China’s car sales rise but a sustained recovery is still far from certain


China’s car sales showed signs of recovery in June, with retail sales of sedans, sport utility vehicles, minivans and multipurpose vehicles rising 4.9% to 1.8m units from a year earlier, according to the China Passenger Car Association. This makes the first increase since May 2018 in the world’s largest automotive market. The difficult times for the Chinese automotive market began in 2018 when it saw the first sales decline in the past 20 years as a slowing economy and tit-for-tat import tariffs between USA and China affected consumer sentiment.

Industry experts were optimistic that the market will return to growth in the second half of the year due to government support. So, are the June figures the first indicator that the market is rebounding? Not necessarily. While the figures do offer some hope for auto manufacturers, they are heavily influenced by car dealers’ incentives ahead of the new emissions rules. According to the new emissions rules, starting from July 1, vehicles sold in China should meet the State VI standard, which is equivalent to the Euro VI standard. A total of 18 provinces and regions, which together account for most of China’s car sales, required vehicles to meet the new emission standards. As a response to this deadline, dealers reportedly slashed prices by as much as 50% in recent weeks, to clear their inventory of cars that do not meet new stricter emission standards before new emissions rules kicked in. So, overall, a sustained recovery still seems far from certain.

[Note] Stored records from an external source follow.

(* Let $\Pi$ be a Lévy measure on $\mathbb{R}^d$ and assume $\overline{V}(t):=\int_{|y|\le t}|y|^2\,\Pi(dy)>0$ for all $t>0$. Let $g:[0,\infty)\to(0,\infty)$ be non-decreasing with $\int_0^c g(t)^{-1}dt<\infty$ for all $c>0$. Then $$\int_{|y|\le1}\frac{|y|^2}{g(\overline{V}(|y|))}\,\Pi(dy)<\infty.$$
   Context: A Lévy measure $\Pi$ satisfies $\Pi(\{0\})=0$ and $\int(1\wedge|y|^2)\Pi(dy)<\infty$; $|\cdot|$ is the Euclidean norm. *)

From HB Require Import structures.
From mathcomp Require Import all_boot all_order all_algebra.
From mathcomp Require Import all_classical all_reals all_analysis.
Import Order.TTheory GRing.Theory Num.Theory.
Import numFieldNormedType.Exports.
Local Open Scope classical_set_scope.
Local Open Scope ring_scope.

(* R^d as row vectors 'rV[R]_d, with the Borel sigma-algebra
   (sigma-algebra generated by the open sets of the product topology). *)
Definition Rd (R : realType) (d : nat) :=
  g_sigma_algebraType (@open 'rV[R]_d).

Definition enorm {R : realType} {d : nat} (y : 'rV[R]_d) : R :=
  Num.sqrt (\sum_(i < d) (y ord0 i) ^+ 2).

Definition levy_measure {R : realType} {d : nat}
  (Pi : {measure set (Rd R d) -> \bar R}) : Prop :=
  Pi [set (0 : 'rV[R]_d)] = 0%E /\
  (\int[Pi]_y (Num.min 1 (enorm y ^+ 2))%:E < +oo)%E.

Definition Vbar {R : realType} {d : nat}
  (Pi : {measure set (Rd R d) -> \bar R}) (t : R) : \bar R :=
  (\int[Pi]_(y in [set y : Rd R d | (enorm y <= t)%R]) (enorm y ^+ 2)%:E)%E.

From HB Require Import structures.
From mathcomp Require Import all_boot all_order all_algebra.
From mathcomp Require Import all_classical all_reals all_analysis.
From mathcomp Require Import measurable_realfun.
From mathcomp Require Import ring.
Import Order.TTheory GRing.Theory Num.Theory.
Import numFieldNormedType.Exports.
Local Open Scope classical_set_scope.
Local Open Scope ring_scope.

(* Write F(t) for the |y|^2 Pi-mass of the ball of radius t and V = F(1).
   A set {|y| <= 1, F(|y|) <= a} has |y|^2 Pi-mass at most a, being a ball
   or an increasing union of balls of mass at most a.  If
   V/2^(k+1) < F(|y|) <= V/2^k, then 1/g(F(|y|)) <= 1/g(V/2^(k+1)) and y lies
   in that set for a = V/2^k.  Hence the integral is at most
   sum_k (V/2^k) / g(V/2^(k+1)), four times a lower Riemann sum of 1/g on
   [0, V]. *)

Section monotone_measurable.
Context {R : realType}.

Lemma is_interval_nondecreasing_measurable (D : set R) (f : R -> R) :
  is_interval D -> {in D &, {homo f : x y / x <= y}} -> measurable_fun D f.
Proof.
move=> iD f_nd.
apply: (measurability (@RGenCInfty.G R)) => [|/= _ [_] [r] -> <-].
  exact: RGenCInfty.measurableE.
apply: is_interval_measurable => s t [Ds fs] [Dt ft] z szt.
have Dz := iD s t Ds Dt z szt; split => //=.
move: fs; rewrite /= !in_itv/= !andbT => /le_trans; apply.
by case/andP: szt => sz _; apply: f_nd; rewrite ?inE.
Qed.

Lemma is_interval_nonincreasing_measurable (D : set R) (f : R -> R) :
  is_interval D -> {in D &, {homo f : x y /~ x <= y}} -> measurable_fun D f.
Proof.
move=> iD f_ni; rewrite -(opprK f); apply/measurable_funN.
by apply: is_interval_nondecreasing_measurable => // s t Ds Dt st; rewrite lerN2 f_ni.
Qed.

End monotone_measurable.

Lemma nneseries_ge_cst_pinfty (R : realType) (u : nat -> R) (c : R) :
  0 < c -> (forall k, c <= u k) -> (\sum_(k <oo) (u k)%:E = +oo)%E.
Proof.
move=> c_gt0 cu; apply: eq_infty => r.
pose n := (Num.trunc (r / c)).+1.
have u_ge0 k : (0 <= (u k)%:E)%E by rewrite lee_fin (le_trans (ltW c_gt0)).
apply: le_trans (nneseries_lim_ge n (fun k _ _ => u_ge0 k)).
apply: (@le_trans _ _ (n%:R * c)%:E).
  by rewrite lee_fin -ler_pdivrMr// ltW// truncnS_gt.
rewrite big_mkord sumEFin lee_fin mulr_natl -[X in c *+ X](card_ord n).
by rewrite -sumr_const ler_sum.
Qed.

Lemma integral_itv_oc_ge_cst (R : realType) (a b c : R) (h : R -> R) :
  a < b -> 0 <= c -> {in `]a, b]%classic, forall t, c <= h t} ->
  measurable_fun `]a, b]%classic h ->
  ((c * (b - a))%:E <= \int[lebesgue_measure]_(t in `]a, b]%classic) (h t)%:E)%E.
Proof.
move=> ab c_ge0 ch mh; rewrite EFinM.
have -> : (b - a)%:E = lebesgue_measure `]a, b]%classic.
  by rewrite lebesgue_measure_itv/= lte_fin ab EFinB.
rewrite -integral_cst//; apply: ge0_le_integral => //.
- exact/measurable_EFinP.
- by move=> t abt; rewrite lee_fin ch// inE.
Qed.

Section dyadic.
Context {R : realType}.
Implicit Types (V x : R) (k m n : nat).

Definition dyadic V k := V / 2 ^+ k.

Lemma dyadic0 V : dyadic V 0 = V.
Proof. by rewrite /dyadic expr0 divr1. Qed.

Lemma dyadicS V k : dyadic V k.+1 = dyadic V k / 2.
Proof. by rewrite /dyadic exprS invfM mulrA mulrAC. Qed.

Lemma dyadic_gt0 V k : 0 < V -> 0 < dyadic V k.
Proof. by move=> V_gt0; rewrite divr_gt0// exprn_gt0. Qed.

Lemma dyadic_le V m n : 0 <= V -> (m <= n)%N -> dyadic V n <= dyadic V m.
Proof.
move=> V_ge0 mn; rewrite ler_wpM2l// lef_pV2 ?posrE ?exprn_gt0//.
by rewrite ler_weXn2l// ler1n.
Qed.

Lemma dyadic_ltS V k : 0 < V -> dyadic V k.+1 < dyadic V k.
Proof.
by move=> V_gt0; rewrite dyadicS ltr_pdivrMr// ltr_pMr ?dyadic_gt0// ltr1n.
Qed.

Lemma dyadic_in_itv {V} k : 0 < V -> dyadic V k \in `[0, V]%classic.
Proof.
move=> V_gt0; rewrite inE/= in_itv/= ltW ?dyadic_gt0//=.
by rewrite -[leRHS]dyadic0 dyadic_le// ltW.
Qed.

Lemma dyadic_bracket V x : 0 < x -> x <= V ->
  exists k, dyadic V k.+1 < x <= dyadic V k.
Proof.
move=> x_gt0 xV.
have small : exists k, dyadic V k.+1 < x.
  exists (Num.trunc (V / x)); rewrite /dyadic ltr_pdivrMr ?exprn_gt0//.
  rewrite -ltr_pdivrMl// mulrC (lt_le_trans (truncnS_gt _))//.
  by rewrite -natrX ler_nat ltnW// ltn_expl.
have [k small_k kmin] := ex_minnP small.
exists k; rewrite small_k/=; case: k small_k kmin => [|k] _ kmin.
  by rewrite dyadic0.
by rewrite leNgt; apply/negP => /kmin; rewrite ltnn.
Qed.

Lemma dyadic_lower_sum_le_integral V (h : R -> R) : 0 < V ->
  {in `[0, V]%classic &, {homo h : s t /~ s <= t}} ->
  {in `[0, V]%classic, forall t, 0 <= h t} ->
  (\sum_(k <oo) (h (dyadic V k.+1) * dyadic V k.+2)%:E <=
   \int[lebesgue_measure]_(t in `[0%R, V]%classic) (h t)%:E)%E.
Proof.
move=> V_gt0 h_ni h_ge0.
pose I k := `]dyadic V k.+2, dyadic V k.+1]%classic.
have I_sub k : I k `<=` `[0, V]%classic.
  move=> t; rewrite /I /= !in_itv/= => /andP[lt le].
  move: (dyadic_in_itv k.+1 V_gt0); rewrite inE/= in_itv/= => /andP[_ kV].
  by rewrite (le_trans (ltW (dyadic_gt0 _ _ V_gt0)) (ltW lt))/= (le_trans le).
have mh : measurable_fun `[0, V]%classic h.
  apply: is_interval_nonincreasing_measurable h_ni.
  exact: interval_is_interval.
have h_ge0E D : D `<=` `[0, V]%classic -> forall t, D t -> (0 <= (h t)%:E)%E.
  by move=> DV t /DV Vt; rewrite lee_fin h_ge0// inE.
have lower_sum k : ((h (dyadic V k.+1) * dyadic V k.+2)%:E <=
    \int[lebesgue_measure]_(t in I k) (h t)%:E)%E.
  have -> : dyadic V k.+2 = dyadic V k.+1 - dyadic V k.+2.
    by rewrite (dyadicS V k.+1); field.
  apply: integral_itv_oc_ge_cst; rewrite ?dyadic_ltS ?h_ge0 ?dyadic_in_itv//.
  - move=> t; rewrite inE => It; rewrite h_ni ?dyadic_in_itv//.
      by rewrite inE; exact: I_sub It.
    by move: It; rewrite /I/= in_itv/= => /andP[].
  - exact: measurable_funS (I_sub k) mh.
apply: le_trans (lee_nneseries _ (fun k _ => lower_sum k)) _.
  by move=> k _ _; rewrite lee_fin mulr_ge0 ?h_ge0 ?dyadic_in_itv ?ltW ?dyadic_gt0.
have I_disj : trivIset setT I.
  apply: ltn_trivIset => n m mn; apply/seteqP; split => // t [].
  rewrite /I/= !in_itv/= => /andP[tm _] /andP[_ tn].
  have := le_trans tn (dyadic_le V m.+2 n.+1 (ltW V_gt0) mn).
  by move=> /(lt_le_trans tm); rewrite ltxx.
have IV : \bigcup_k I k `<=` `[0, V]%classic by move=> t [k _]; exact: I_sub.
rewrite -ge0_integral_bigcup//; last 3 first.
- by move=> k; exact: measurable_itv.
- by apply/measurable_EFinP; apply: (measurable_funS _ IV).
- exact: h_ge0E.
apply: ge0_subset_integral => //.
- by apply: bigcupT_measurable => k; exact: measurable_itv.
- exact/measurable_EFinP.
- exact: h_ge0E.
Qed.

End dyadic.

Section sublevel_integral.
Context {dT : measure_display} {T : measurableType dT} {R : realType}.
Variables (mu : {measure set T -> \bar R}) (phi : T -> R) (f : T -> R).
Hypotheses (mphi : measurable_fun setT phi) (mf : measurable_fun setT f).
Hypothesis f_ge0 : forall y, 0 <= f y.

Definition sublevel_integral (t : R) : \bar R :=
  \int[mu]_(y in [set y | phi y <= t]) (f y)%:E.

Local Notation F := sublevel_integral.

Lemma measurable_sublevel t : measurable [set y | phi y <= t].
Proof.
have := mphi measurableT `]-oo, t]%classic (measurable_itv _).
by rewrite setTI; congr measurable; apply/seteqP; split => y /=; rewrite in_itv.
Qed.

Lemma measurable_strict_sublevel r : measurable [set y | phi y < r].
Proof.
have := mphi measurableT `]-oo, r[%classic (measurable_itv _).
by rewrite setTI; congr measurable; apply/seteqP; split => y /=; rewrite in_itv.
Qed.

Let fE_ge0 y : (0 <= (f y)%:E)%E.
Proof. by rewrite lee_fin. Qed.

Let mfE (D : set T) : measurable_fun D (fun y => (f y)%:E).
Proof. exact/measurable_EFinP/(measurable_funS _ (@subsetT _ D) mf). Qed.

Lemma sublevel_integral_ge0 t : (0 <= F t)%E.
Proof. by apply: integral_ge0 => y _; rewrite lee_fin. Qed.

Lemma le_sublevel_integral : {homo F : s t / s <= t >-> (s <= t)%E}.
Proof.
move=> s t st; apply: ge0_subset_integral => //; try exact: measurable_sublevel.
by move=> y /= ys; exact: le_trans ys st.
Qed.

The unprecedented slide in the past year has hit local brands particularly hard, although market leaders and global players have also seen their sales decline. According to the statistical analysis of the Chinese Association of Automobile Manufacturers, sales of FAW-Volkswagen, GAC Honda and Geely Holdings showed a rapid decline in May 2019 compared with the previous month, while SAIC Volkswagen declined slightly. China is the most important individual market for the German auto-manufacturers Daimler, Volkswagen and BMW and the market’s loss of momentum is putting brakes on their sales. But not all German auto manufacturers have been equally affected. While Volkswagen sees its sales wane in China, BMW and Mercedes-Benz are still performing relatively well as Chinese consumers continue to show high preference for the premium models of these two German automakers. The slowdown is also painful for U.S. automakers operating in China. Ford, for instance, has seen its sales in China drop by 36% in Q1 2019. To stem plummeting sales, it recently announced it will launch 30 new models by 2025 in China.

With little relief in sight, carmakers are increasingly counting on Chinese government tax cuts to stimulate demand and help the market rebound from its worst slump in 20 years. In March this year, the Chinese government announced plans to cut a total of CNY2 trillion ($298bn) in duties and fees, including value-added taxes, to help boost its economy. The tax reductions could be big but the unanswered question that remains and that keeps auto makers on their toes is when this will happen.